Another point of contention in the case was whether the hydrocele from which Walters was suffering resulted from the injury received when he alighted from the train or from an earlier injury which was inflicted while he was working as a section hand for the railway company, and for which settlement had been made and compensation paid. The court instructed the jury in substance that Walters could receive nothing because *745of that injury or any condition resulting from it. The jury were asked the question whether on alighting from the train Walters sustained an injury called “hydrocele,” and whether it was originally so caused or was a recurrence of a former complaint. The answer of the jury was, “recurrence.” The appellant infers from this answer that the jury awarded damages for the previous injury, for which compensation had been made. Of course, no recovery could be had for that injury, but if Walters had been cured of the disease of hydrocele resulting from the first injury, as the physicians of the railway company had decided when he was discharged from the hospital, and the later injury brought on the same disease or condition, no reason is seen why he could not recover for the consequences of the injury. Apart from that consideration, the jury found that other injuries than hydrocele resulted from the fall, and that in addition to this disease there were sprains of the back and the hips'. A witness for the railway company, who is a physician, testified that when Walters returned to the hospital for treatment after the accident he was suffering from a sprain of the back and left hip, and that he then complained that the hydrocele had returned, but that the witness found no fluid in the sac and could discover no evidence of hydrocele. It can not be said that the injury for which appellee recovered was the earlier one, for which the company had settled, nor that it was. not the one which resulted from falling from the train.
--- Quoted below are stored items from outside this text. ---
Lemma vclass_even_smul2 k x : vclass_even k.+1 (smul 2 x) <-> vclass_even k x.
Proof.
split=> [[x2_bd x2_even] | [x_bd x_even]].
  have x_bd' m : m \in x -> 0 < m < 2 ^ k.
    move=> mx; have: 2 * m \in smul 2 x by rewrite in_smul // dvdn_mulr // mulKn.
    by move/x2_bd; rewrite expnS; lia.
  split=> // j; have := x2_even j.+1.
  by rewrite vclass_smul2 ?card_smul // => m /x_bd' /andP [].
have x_pos m : m \in x -> 0 < m by move/x_bd => /andP [].
split=> [z|[|j]]; last by rewrite vclass_smul2 ?card_smul.
  rewrite in_smul // => /andP [/divnK zE /x_bd].
  by rewrite -zE expnS; lia.
rewrite (_ : vclass 0 _ = fset0) ?cardfs0 //; apply/fsetP => z.
rewrite in_vclass in_smul // inE; case: (boolP (2 %| z)) => //= /divnK zE.
by apply/andP => -[/x_pos z_pos]; rewrite -zE mulnC logn2_double.
Qed.

Lemma C_succ k : C k.+1 = O k.+1 `|` fsmul 2 (C k).
Proof.
case: k => [|k] //=; apply/fsetP => x; rewrite in_fsetU in_fset0 /=.
by apply/esym/orP => -[/imfsetP [i] //|/imfsetP [i]].
Qed.

Lemma mem_O k x :
  x \in O k.+1 <-> exists2 i, 0 < i < 2 ^ k & x = [fset (2 * i).-1; (2 * i).+1].
Proof.
have k_pos : 0 < 2 ^ k by rewrite expn_gt0.
split=> [/imfsetP [i /= i_in ->]|[i i_bd ->]]; last first.
  by apply/imfsetP; exists i => //=; rewrite mem_iota; lia.
by exists i => //; move: i_in; rewrite mem_iota; lia.
Qed.

Lemma C_vclass_even k y : y \in C k -> vclass_even k y.
Proof.
elim: k y => [|k IHk] y; first by rewrite inE.
rewrite C_succ in_fsetU => /orP [/mem_O [i i_bd ->]|/imfsetP [w /= /IHk w_even ->]].
  by apply: vclass_even_pair; rewrite ?logn2_odd ?expnS //=; lia.
by apply/vclass_even_smul2.
Qed.

Lemma vclass_even_symspan_C k x : vclass_even k x -> symspan (C k) x.
Proof.
elim: k x => [|k IHk] x.
  move=> [x_bd _]; rewrite (_ : x = fset0); first exact: symspan0.
  by apply/fsetP => m; rewrite inE; apply/negbTE/negP => /x_bd; lia.
apply: (symspan_descent (Q := odd)) => [||{}x x_vc x_no_odd|{}x n x_vc nx n_odd n_max].
- exact: vclass_even_fsym.
- exact: C_vclass_even.
- have x_dvd : {in x, forall m, 2 %| m} by move=> m /x_no_odd; rewrite dvdn2.
  rewrite -(smul_div (isT : 0 < 2) x_dvd); apply: (@symspan_sub (fsmul 2 (C k))).
    by move=> y; rewrite C_succ in_fsetU orbC => ->.
  apply: symspan_map; [exact: smul0 | exact: smul_fsym | apply: IHk].
  by apply/vclass_even_smul2; rewrite smul_div.
have [m mx /andP [mn /eqP mn_log]] := vclass_even_partner x_vc nx.
have [x_bd _] := x_vc.
have /andP [m_pos _] := x_bd m mx; have /andP [n_pos n_lt] := x_bd n nx.
have m_odd : odd m by rewrite -logn2_eq0 // mn_log logn2_odd.
have m_lt : m < n by rewrite ltn_neqAle mn n_max.
have nE : n = (2 * n./2).+1 by rewrite -{1}(odd_double_half n) n_odd mul2n.
exists [fset (2 * n./2).-1; n].
  rewrite C_succ in_fsetU; apply/orP; left; apply/mem_O; exists n./2; last by rewrite -nE.
  by move: n_lt; rewrite expnS; lia.
move=> m'; rewrite in_fsym in_fset2.
have [->|m'n] := eqVneq m' n; first by rewrite nx orbT.
have [->|_] := eqVneq m' (2 * n./2).-1; first by lia.
by rewrite orbF addbF => /n_max m'_le /m'_le; rewrite ltn_neqAle m'n.
Qed.

Lemma card_imfset_iota (K : choiceType) (f : nat -> K) a n :
  {in iota a n &, injective f} -> #|` [fset f i | i : nat in iota a n]| = n.
Proof. by move=> f_inj; rewrite card_in_imfset //= undup_id ?iota_uniq // size_iota. Qed.

Lemma card_B k : #|` B k| = 2 ^ k - k - 1.
Proof.
elim: k => [|k IHk] //; have k_lt := ltn_expl k (isT : 1 < 2).
have disj : [disjoint B k & Bnew k].
  apply/fdisjointP => x /B_vclass_even [x_bd _]; apply/negP => /imfsetP [i /= _ xE].
  by have := x_bd (2 ^ k + i)%N; rewrite xE !inE eqxx orbT => /(_ isT); lia.
rewrite B_succ cardfsU_disjoint // IHk card_imfset_iota ?expnS; first by lia.
move=> a b _ _ /(congr1 fmax); rewrite !fmax_pair ?leq_addl //; lia.
Qed.

Lemma card_C k : #|` C k| = 2 ^ k - k - 1.
Proof.
elim: k => [|k IHk] //; have k_lt := ltn_expl k (isT : 1 < 2).
have disj : [disjoint O k.+1 & fsmul 2 (C k)].
  apply/fdisjointP => x /mem_O [i _ ->]; apply/negP => /imfsetP [y /= _ xE].
  have : (2 * i).+1 \in smul 2 y by rewrite -xE !inE eqxx orbT.
  by rewrite in_smul // dvdn2 /= mul2n odd_double.
have card_fsmul : #|` fsmul 2 (C k)| = #|` C k|.
  by rewrite card_imfset //; apply: smul_inj.
rewrite C_succ cardfsU_disjoint // card_fsmul IHk /O card_imfset_iota ?expnS /=; first by lia.
by move=> a b _ _ /(congr1 fmax); rewrite !fmax_pair; lia.
Qed.

Lemma chi_notin_span k (s : seq {fset nat}) x m : m \in x -> 0 < m <= 2 ^ k ->
  {in s, forall y, m \notin y} -> (chi k x \notin <<map (chi k) s>>)%VS.
Proof.
move=> mx m_bd s_m; apply/negP => x_span.
have m_lt : m.-1 < 2 ^ k by lia.
have := coord_span (X := in_tuple (map (chi k) s)) x_span.
move/(congr1 (fun v : 'rV['F_2]_(2 ^ k) => v ord0 (Ordinal m_lt))).
rewrite summxE !mxE /= prednK ?mx; last by lia.
rewrite big1 => [|i _]; first by move/eqP; rewrite oner_eq0.
have i_lt : i < size s by rewrite -(size_map (chi k)).
rewrite !mxE (nth_map fset0) // mxE /= prednK; last by lia.
by rewrite (negbTE (s_m _ (mem_nth _ i_lt))) mulr0.
Qed.

Lemma free_chi_fmax k (s : seq {fset nat}) :
  {in s, forall x, fmax x \in x /\ 0 < fmax x <= 2 ^ k} -> uniq (map fmax s) ->
  free (map (chi k) s).
Proof.
pose ge_fmax : rel {fset nat} := fun x y => fmax y <= fmax x.
have ge_fmax_trans : transitive ge_fmax by move=> y x z; rewrite /ge_fmax; lia.
have s_perm : perm_eq (sort ge_fmax s) s by rewrite perm_sort.
move=> s_max; rewrite -(perm_free (perm_map (chi k) s_perm)).
rewrite -(perm_uniq (perm_map fmax s_perm)).
have : {in sort ge_fmax s, forall x, fmax x \in x /\ 0 < fmax x <= 2 ^ k}.
  by move=> x; rewrite (perm_mem s_perm); apply: s_max.
have : sorted ge_fmax (sort ge_fmax s) by apply: sort_sorted => x y; apply: leq_total.
elim: (sort ge_fmax s) => [|x t IHt] t_sorted t_max; first by move=> _; apply: nil_free.
rewrite map_cons cons_uniq => /andP [x_new t_uniq].
have t_free : free (map (chi k) t).
  apply: IHt t_uniq; first exact: path_sorted t_sorted.
  by move=> y yt; apply: t_max; rewrite inE yt orbT.
have [x_max x_bd] := t_max x (mem_head x t).
rewrite map_cons free_cons t_free andbT; apply: (chi_notin_span x_max x_bd).
move=> y yt; apply/negP => /fmax_ub y_le.
have /allP /(_ y yt) x_le := order_path_min ge_fmax_trans t_sorted.
suff fmax_xy : fmax x = fmax y by move: x_new; rewrite fmax_xy map_f.
by apply/eqP; rewrite eqn_leq y_le; exact: x_le.
Qed.

Lemma free_chi_B k : free [seq chi k x | x <- enum_fset (B k)].
Proof.
apply: free_chi_fmax => [x /mem_B [j [i [jk [i_bd ->]]]]|].
  rewrite fmax_pair ?leq_addl // !inE eqxx orbT; split=> //.
  have : 2 ^ j.+1 <= 2 ^ k by rewrite leq_exp2l.
  by rewrite expnS; lia.
rewrite map_inj_in_uniq ?fset_uniq // => x y.
move=> /mem_B [j [i [_ [i_bd ->]]]] /mem_B [j' [i' [_ [i'_bd ->]]]].
rewrite !fmax_pair ?leq_addl // => ji_eq.
have log_j : trunc_log 2 (2 ^ j + i) = j by apply: trunc_log_eq; rewrite // expnS; lia.
have log_j' : trunc_log 2 (2 ^ j' + i') = j' by apply: trunc_log_eq; rewrite // expnS; lia.
have jj' : j = j' by rewrite -log_j ji_eq log_j'.
by subst j'; have -> : i = i' by lia.
Qed.

Theorem mainTheorem4 (k : nat) (hk : 1 <= k) :
  (forall x : {fset nat}, symspan (B k) x <-> symspan (C k) x)
  /\ #|` B k| = 2 ^ k - k - 1
  /\ #|` C k| = 2 ^ k - k - 1
  /\ free [seq chi k x | x <- enum_fset (B k)].
Proof.
split; last by rewrite card_B card_C free_chi_B.
move=> x; split => x_span.
  by apply/vclass_even_symspan_C/(symspan_vclass_even _ x_span)/B_vclass_even.
by apply/vclass_even_symspan_B/(symspan_vclass_even _ x_span)/C_vclass_even.
Qed.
Appellant contends also that hydrocele is a disease which may be easily and permanently cured, and that the testimony shows that if Walters had submitted to a slight surgical operation he might have got rid of the disease. The court told the jury in substance that if by a reasonable and safe operation he might have been restored to health, and neglected or refused to submit to it, he would not be entitled to recover as for a permanent disability, but could only recover for the losses. *746sustained up to the time reasonably necessary to perform the operation and to bring about his recovery. It was not an undisputed fact in the case that the hydrocele with which Walters was afflicted after falling from the train could have been removed by a surgical operation, nor that he could safely have submitted to an operation. A physician who examined him testified at length as to his condition, and stated that an operation could not have been performed with an assurance of a cure; that radical treatment was not advisable, and might terminate fatally.
On the testimony it can not be held that the award of damages is excessive and we discover no error in the proceedings which justifies a reversal. The judgment is affirmed.